Рулончик туалетной бумаги на гвозде был относительно чистым, а по краям были нарисованы маленькие красные сердечки. Внутри, на деревянном сиденье, лежало два номера «Смотри и слушай» – эти вездесущие газеты были датированы августом и сентябрем прошлого года. С солидной долей отвращения он поднял крышку и заглянул в унитаз. При раскопках древних городищ, исследовании развалин монастырей и других археологических изысканиях туалет всегда был самой настоящей сокровищницей для археологов. В дерьме вещи хорошо сохраняются. Дерьмо не тонет – ни в туалете, ни в жизни.

Внизу, в яме, он разглядел только кучу дерьма и какой-то белый продолговатый треугольник, чуть плотнее куска бумаги. Гигиеническая прокладка.

Вернувшись на лужайку, он сам себя попытался убедить в том, что это еще ничего не значит. Женщина просто гуляла по лесу и воспользовалась возможностью справить нужду под крышей, а не присаживаться под кустом. Но все вместе: прошлогодние газеты, рулончик туалетной бумаги с красными сердечками – приводило к версии, которая напрашивалась сама собой. Его профессиональные инстинкты пошли на поводу у обыкновенного любопытства: ему нужно зайти в дом. В доме, похоже, кто-то жил.

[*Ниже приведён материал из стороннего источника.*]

(* Let $(X,d)$ be a finite ultrametric space with $|X|\geqslant 2$. If $(X,d)\in\mathfrak U$, then the diametral graph $G_d$ of $(X,d)$ is a complete bipartite graph.
   Context: For a metric space $(X,d)$, its spectrum is $\operatorname{Sp}(X)=\{d(x,y): x,y\in X,\ x\neq y\}$ and $\operatorname{diam}X=\sup\{d(x,y):x,y\in X\}$. $\mathfrak U$ denotes the class of finite ultrametric spaces $X$ with $|\operatorname{Sp}(X)|=|X|-1$. The diametral graph $G_d$ of $(X,d)$ is the graph with vertex set $X$ in which $\{u,v\}$ is an edge iff $d(u,v)=\operatorname{diam}X$. Graphs are simple undirected graphs $(V,E)$ with $V\neq\varnothing$. A nonempty graph $G$ is complete $k$-partite, written $G=G[X_1,\dots,X_k]$, if its vertex set is partitioned into $k$ disjoint nonempty sets $X_1,\dots,X_k$ such that no edge joins two vertices of the same $X_i$ and any two vertices from different parts are adjacent; complete bipartite means $k=2$. *)

From mathcomp Require Import all_boot all_order all_algebra.
From mathcomp Require Import reals.
Set Implicit Arguments. Unset Strict Implicit. Unset Printing Implicit Defensive.
Import Order.TTheory GRing.Theory Num.Theory.
Local Open Scope ring_scope.

Definition is_ultrametric (R : realType) (X : finType) (d : X -> X -> R) : Prop :=
  [/\ (forall x y, 0 <= d x y),
      (forall x y, d x y = 0 <-> x = y),
      (forall x y, d x y = d y x) &
      (forall x y z, d x y <= Num.max (d x z) (d z y))].

Definition spectrum (R : realType) (X : finType) (d : X -> X -> R) : seq R :=
  undup [seq d p.1 p.2 | p <- enum [pred p : X * X | p.1 != p.2]].

(* diam X = sup { d(x,y) } (a max, X finite; distances are >= 0). *)
Definition diam (R : realType) (X : finType) (d : X -> X -> R) : R :=
  \big[Num.max/0]_(p : X * X) d p.1 p.2.

Definition in_classU (R : realType) (X : finType) (d : X -> X -> R) : Prop :=
  is_ultrametric d /\ size (spectrum d) = (#|X| - 1)%N.

Definition diametral_edge (R : realType) (X : finType) (d : X -> X -> R) : rel X :=
  fun u v => d u v == diam d.

Definition complete_bipartite (T : finType) (e : rel T) : Prop :=
  exists A B : {set T},
    [/\ A != set0, B != set0, [disjoint A & B], A :|: B = [set: T] &
        forall u v, e u v <-> ((u \in A) && (v \in B)) || ((u \in B) && (v \in A))].

(* Write D = diam X.  Deleting a point x from a finite ultrametric space S adds
   at most one new distance to the spectrum: every d(x,z) either equals d(x,y)
   for a nearest neighbour y of x, or equals d(y,z) by the isosceles property.
   Hence |Sp(S)| <= |Sp(T)| + |S \ T| for every nonempty T within S.  For X in
   U this forbids a triangle with three sides D (it would give
   |Sp(X)| <= 1 + (|X| - 3)).  Fixing a point a, the ultrametric inequality
   then shows that d(u,v) = D exactly when one of d(a,u), d(a,v) is D, so the
   sets {v | d(a,v) = D} and its complement are the two parts. *)
From mathcomp Require Import all_boot all_order all_algebra.
From mathcomp Require Import reals.
From mathcomp Require Import zify.
Set Implicit Arguments. Unset Strict Implicit. Unset Printing Implicit Defensive.
Import Order.TTheory GRing.Theory Num.Theory.
Local Open Scope ring_scope.

Section Distances.
Variables (R : realType) (X : finType) (d : X -> X -> R).

Definition spectrum_in (S : {set X}) : seq R :=
  undup [seq d p.1 p.2 |
         p <- enum [pred p : X * X | [&& p.1 \in S, p.2 \in S & p.1 != p.2]]].

Lemma spectrum_inP (S : {set X}) r :
  reflect (exists x y, [/\ x \in S, y \in S, x != y & r = d x y])
          (r \in spectrum_in S).
Proof.
rewrite mem_undup; apply: (iffP mapP).
  by move=> [[x y]]; rewrite mem_enum => /and3P[? ? ?] ->; exists x, y.
by move=> [x [y [? ? ? ->]]]; exists (x, y); rewrite // mem_enum; apply/and3P.
Qed.

Lemma spectrum_in_setT : spectrum_in [set: X] = spectrum d.
Proof. by congr (undup (map _ _)); apply: eq_enum => p; rewrite !inE. Qed.

Lemma le_diam x y : d x y <= diam d.
Proof. by rewrite /diam (bigD1 (x, y)) //= le_max lexx. Qed.

End Distances.

Section Ultrametric.
Variables (R : realType) (X : finType) (d : X -> X -> R).
Hypothesis d_ultra : is_ultrametric d.

Lemma ultra_ge0 x y : 0 <= d x y. Proof. by case: d_ultra. Qed.
Lemma ultra_eq0 x y : (d x y = 0) <-> x = y. Proof. by case: d_ultra. Qed.
Lemma ultra_sym x y : d x y = d y x. Proof. by case: d_ultra. Qed.
Lemma ultra_le_max x y z : d x y <= Num.max (d x z) (d z y).
Proof. by case: d_ultra. Qed.

Lemma ultra_xx x : d x x = 0. Proof. exact/ultra_eq0. Qed.

Lemma ultra_gt0 (x y : X) : x != y -> 0 < d x y.
Proof.
by move=> xy; rewrite lt_def ultra_ge0 andbT; apply: contra xy => /eqP/ultra_eq0->.
Qed.

Lemma ultra_isosceles x y z : d x z < d x y -> d z y = d x y.
Proof.
move=> lt_xz_xy; apply/le_anti/andP; split.
  apply: le_trans (ultra_le_max z y x) _.
  by rewrite [d z x]ultra_sym ge_max lexx (ltW lt_xz_xy).
by move: (ultra_le_max x y z); rewrite le_max leNgt lt_xz_xy.
Qed.

Lemma diam_gt0 (x y : X) : x != y -> 0 < diam d.
Proof. by move=> xy; exact: lt_le_trans (ultra_gt0 xy) (le_diam d x y). Qed.

Lemma diam_attained (x0 : X) : exists x y, d x y = diam d.
Proof.
rewrite /diam; apply: (big_ind (fun r => exists x y, d x y = r)).
- by exists x0, x0; rewrite ultra_xx.
- by move=> r s hr hs; rewrite maxElt; case: ifP.
- by move=> p _; exists p.1, p.2.
Qed.

Lemma size_spectrum_inD1 (S : {set X}) x : x \in S -> S :\ x != set0 ->
  (size (spectrum_in d S) <= (size (spectrum_in d (S :\ x))).+1)%N.
Proof.
move=> xS /set0Pn[t tSx].
case: (arg_minP (fun y => d x y) tSx) => y ySx y_nearest.
have /setD1P[yx yS] : y \in S :\ x := ySx.
have from_x z : z \in S -> z != x ->
    (d x z == d x y) || (d x z \in spectrum_in d (S :\ x)).
  move=> zS zx; have zSx : z \in S :\ x by rewrite !inE zx.
  have := y_nearest z zSx; rewrite le_eqVlt eq_sym => /orP[->//|lt_xy_xz].
  apply/orP; right; apply/spectrum_inP; exists y, z; split => //.
    by apply: contraTneq lt_xy_xz => ->; rewrite ltxx.
  by rewrite -(ultra_isosceles lt_xy_xz) ultra_sym.
rewrite -[(size _).+1]/(size (d x y :: _)); apply: uniq_leq_size; first exact: undup_uniq.
move=> r /spectrum_inP[a [b [aS bS ab ->]]]; rewrite inE.
have [eax | ax] := eqVneq a x.
  by subst a; apply: from_x => //; rewrite eq_sym.
have [ebx | bx] := eqVneq b x; first by subst b; rewrite ultra_sym; apply: from_x.
by apply/orP; right; apply/spectrum_inP; exists a, b; rewrite !inE ax bx.
Qed.

Lemma size_spectrum_in_subset (S T : {set X}) : T \subset S -> T != set0 ->
  (size (spectrum_in d S) <= size (spectrum_in d T) + #|S :\: T|)%N.
Proof.
move=> TS T0; move nST: #|S :\: T| => n; elim: n S TS nST => [|n IHn] S TS nST.
  suff -> : S = T by rewrite addn0.
  by apply/eqP; rewrite eqEsubset TS -setD_eq0 -cards_eq0 nST.
have [x] : exists x, x \in S :\: T by apply/card_gt0P; rewrite nST.
rewrite inE => /andP[xT xS].
have TSx : T \subset S :\ x.
  by apply/subsetP => z zT; rewrite !inE (subsetP TS) // andbT; apply: contraNneq xT => <-.
have nSxT : #|(S :\ x) :\: T| = n.
  by apply/succn_inj; rewrite setDDl setUC -setDDl -nST (cardsD1 x (S :\: T)) !inE xT xS.
have Sx0 : S :\ x != set0 by apply: contraNneq T0 => Sx; rewrite -subset0 -Sx.
by rewrite addnS (leq_trans (size_spectrum_inD1 xS Sx0)) // ltnS IHn.
Qed.

End Ultrametric.

Section ClassU.
Variables (R : realType) (X : finType) (d : X -> X -> R).
Hypothesis dU : in_classU d.

Let d_ultra : is_ultrametric d := dU.1.

Lemma classU_equilateral_eq0 a u v r :
  d a u = r -> d a v = r -> d u v = r -> r = 0.
Proof.
move=> dau dav duv; have [// | r_neq0] := eqVneq r 0; exfalso.
have neq p q : d p q = r -> p != q.
  by move=> dpq; apply: contra r_neq0 => /eqP pq; rewrite -dpq pq (ultra_xx d_ultra).
set T := [set a; u; v].
have cardT : #|T| = 3%N.
  rewrite [T]setUC cardsU1 cards2 !inE ![v == _]eq_sym.
  by rewrite (negbTE (neq _ _ dav)) (negbTE (neq _ _ duv)) neq.
have spT : (size (spectrum_in d T) <= 1)%N.
  rewrite -[1%N]/(size [:: r]); apply: uniq_leq_size; first exact: undup_uniq.
  move=> z /spectrum_inP[x [y [+ + xy ->]]]; rewrite !inE.
  move: xy => /[swap] /orP[/orP[]|]/eqP-> /[swap] /orP[/orP[]|]/eqP->;
    rewrite ?eqxx // => _;
    by rewrite ?dau ?dav ?duv ?eqxx // (ultra_sym d_ultra) ?dau ?dav ?duv ?eqxx.
have T0 : T != set0 by apply/set0Pn; exists a; rewrite !inE eqxx.
have := size_spectrum_in_subset d_ultra (subsetT T) T0.
rewrite setTD spectrum_in_setT dU.2.
have := cardsC T; have := max_card (mem T); rewrite cardT; lia.
Qed.

Lemma classU_diametral_xor a u v : 0 < diam d ->
  (d u v == diam d) = (d a u == diam d) (+) (d a v == diam d).
Proof.
move=> D_gt0.
have ltD_neqD x y : (d x y < diam d) = (d x y != diam d).
  by rewrite lt_neqAle le_diam andbT.
have [au | au] := eqVneq (d a u) (diam d); have [av | av] := eqVneq (d a v) (diam d).
- apply/negbTE/eqP => uv; move: D_gt0; rewrite (classU_equilateral_eq0 au av uv).
  by rewrite ltxx.
- apply/eqP; rewrite (ultra_sym d_ultra u v) -au.
  by apply: (ultra_isosceles d_ultra); rewrite au ltD_neqD.
- apply/eqP; rewrite -av.
  by apply: (ultra_isosceles d_ultra); rewrite av ltD_neqD.
- apply/negbTE; rewrite -ltD_neqD (le_lt_trans (ultra_le_max d_ultra u v a)) //.
  by rewrite gt_max (ultra_sym d_ultra u a) !ltD_neqD au av.
Qed.

End ClassU.

Theorem corollary5 (R : realType) (X : finType) (d : X -> X -> R) :
  (2 <= #|X|)%N -> in_classU d -> complete_bipartite (diametral_edge d).
Proof.
move=> /card_gt1P[x [y [_ _ xy]]] dU.
have d_ultra : is_ultrametric d := dU.1.
have D_gt0 : 0 < diam d := diam_gt0 d_ultra xy.
have [a [q daq]] := diam_attained d_ultra x.
pose B := [set v | d a v == diam d].
exists B, (~: B); split.
- by apply/set0Pn; exists q; rewrite inE daq eqxx.
- by apply/set0Pn; exists a; rewrite !inE (ultra_xx d_ultra) (lt_eqF D_gt0).
- by rewrite -subsets_disjoint.
- exact: setUCr.
move=> u v; rewrite /diametral_edge !inE (classU_diametral_xor dU a) //.
by case: (_ == _); case: (_ == _).
Qed.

Все работники хутора Брагенес были на полевых работах. Холодное солнце быстро высушивало землю, поэтому в ближайшие недели земледельцы Станге должны будут собирать камни, боронить и сеять. Огромные территории ждали обработки. Везде, насколько хватало взгляда, виднелись облака пыли над сельскохозяйственными машинами.

Почти до часу дня Валманн просидел в машине, а потом мучительно захотел выпить кофе. Он уж собрался все бросить, завести машину и, вернувшись в Хамар, побежать в полицейскую столовую, но тут на лужайку заехал трактор. Он остановился, а из кабинки выпрыгнула женщина в рабочей одежде. Быстрыми шагами она направилась к нему, словно ждала его. Он вышел из машины и подошел представиться ей.

– Так-так, опять полиция, – холодно резюмировала она. В голосе ее не слышалось ни дружелюбия, ни любезности, скорее, она хотела показать, что у нее нет времени заниматься какой-то ерундой. Ее зовут Гудрун Бауге, и она жена управляющего хутором Бьярне Бауге. Она заехала домой, чтобы приготовить чего-нибудь перекусить. Если он хочет, может выпить с ними кофе.

Валманн не отказался.

Дом управляющего хутором Брагенес можно было назвать богатым: просторная кухня, длинный деревянный белый стол, стулья с высокими спинками и с узорчатыми подстилками на сиденьях. От вида древней, до блеска вытертой скамейки под окном у какого-нибудь антиквара непременно слюнки бы потекли. Прежняя каморка для прислуги была переоборудована в кабинет. За приоткрытой дверью Валманн смог разглядеть полки с бухгалтерскими папками и сейф в углу, а на столе – компьютер, новее, чем его собственный. Он почти начал надеяться на глоток настоящего кофе из старомодного деревенского кофейника, но фру Бауге засыпала молотый кофе в обычную кофеварку. Она принялась доставать из холодильника еду (и куда, интересно, в норвежских деревенских домах подевались чуланы?), и он объяснил, зачем приехал.

Нет, она не знала, что в хижине кто-то жил, во всяком случае, в течение последнего года. Это вообще не входило в их обязанности – если хижина, которая вообще-то была частью небольшого земельного хозяйства, сдавалась кому-то внаем, то этим занимался сам хозяин, Солум. А он по полгода жил во Флориде, где купил дом, когда овдовел.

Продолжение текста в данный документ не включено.